You don’t need to have someone from the head office constantly looking over a news outlet’s shoulder in order to ensure spin. It can be done bysimply structuring the operation so that bias is built right in.
You might call your paper to complain if the Business section were missing, because it would be obvious that a mistake has been made. But we don’t seem to notice that there’s never a Labor section.
Also, stories have been known to com e from fewer sources than you might think. A paper will sometimes take an AP story, have a reporter change a few words, and place the local guy’s byline under the title.
You also must remember the “Golden Age” of the unbiased journalism of yore is largely a myth. Media outlets are organs of the owner’s wishes, whether that’s a private individual or a corporation. And don’t forget that most media runs on ad revenue. How is it that there is always more news to report on a Sunday than any other day of the week? We’ve all seen stuff in newspapers and magazines that look and read like articles but are marked “Special Advertising Section”. Did you know that the same thing happens on television news without the disclaimer?
The only way to get unfiltered information would be to be there yourself, or place cameras everywhere. Look at what’s available, but always be aware of who paid for it to be in front of you and think about why.
Even better, get outa yer house and talk to people.
I recall when my eyes were first opened to media bias.
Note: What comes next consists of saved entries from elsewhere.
(* Let $V=\mathbb{C}^n$ be the defining representation of $GL_n(\mathbb{C})$, restricted to $T\rtimes S_n$, and let $k\ge 0$. Let $A_k^n$ be the set of $k$-tuples of nonnegative integers $(a_1,\dots,a_k)$ with $a_1+2a_2+\dots+ka_k=k$ and $a_1+a_2+\dots+a_k\le n$. Then as representations of $T\rtimes S_n$, $$\mathrm{Sym}^k(V)\cong\bigoplus_{(a_1,\dots,a_k)\in A_k^n}\tilde{M}((a_1),(a_2),\dots,(a_k)),$$ where $(a)$ denotes the one-row partition with $a$ boxes (the empty partition if $a=0$).
   Context: Let $T\subset GL_n(\mathbb{C})$ be the diagonal torus, $S_n$ the permutation matrices, and $T\rtimes S_n\cong\mathbb{C}^\times\wr S_n$ the monomial matrices. For a partition $\lambda$ of $r$ and integer $k$, $S^{\lambda,k}$ is the representation of $\mathbb{C}^\times\wr S_r$ on the Specht module $S^\lambda$ with each copy of $\mathbb{C}^\times$ acting by $z\mapsto z^k$. For a composition $\nu=(\nu_1,\dots,\nu_\ell)$ of $n$ and integers $\mathbf{w}$, $M(\nu,\mathbf{w}):=\mathrm{Ind}_{(\mathbb{C}^\times\wr S_{\nu_1})\times\dots\times(\mathbb{C}^\times\wr S_{\nu_\ell})}^{\mathbb{C}^\times\wr S_n}(S^{(\nu_1),w_1}\otimes\dots\otimes S^{(\nu_\ell),w_\ell})$ (block-diagonal subgroup). For partitions $\lambda^1,\dots,\lambda^j$, $\lambda^i=(\lambda^i_1,\dots,\lambda^i_{\ell_i})$, of total size $m\le n$, $\tilde{M}(\lambda^1,\dots,\lambda^j):=M((n-m,\lambda^1_1,\dots,\lambda^1_{\ell_1},\dots,\lambda^j_1,\dots,\lambda^j_{\ell_j}),(0,1,\dots,1,\dots,j,\dots,j))$ with $\ell_i$ entries equal to $i$ (the part $n-m$ omitted if zero). *)

From mathcomp Require Import all_boot all_order all_algebra.
From mathcomp Require Import Rstruct.
From mathcomp Require Import complex.
From mathcomp Require Import mpoly.
Set Implicit Arguments. Unset Strict Implicit. Unset Printing Implicit Defensive.
Import Order.TTheory GRing.Theory Num.Theory.
Local Open Scope ring_scope.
It was the mid-80s, and some people protesting a certain company by lying on the tracks the trains used to come in and out of their plant were hit by a train. Someone was there with a camera and you saw a guy’s legs getting chopped off by the wheels.
The way it was presented on the news, it more or less looked like these people had got it into their heads that if they just plunked themselves down, they could force the train to stop on a dime, in violation of any reasoable expecations of the physics at play. They came off looking like a bunch of stupid kooks.
I mentioned this to the people I was interning with at the time, a politically-oriented theater group. Not only had they already heard about it, it turns out they actually knew the organizers of the protest, who had made their protest plans very plain to the company in the days and weeks leading up to that day. It became quite clear to me that a freight train had deliberately been sent down some tracks where the company knew people would be on the tracks, which gives the whole incident a different look.
Unfortunately, 18 years has erased enough details (name, place, etc.) that I have been unable to formulate a fruitfull Google search string.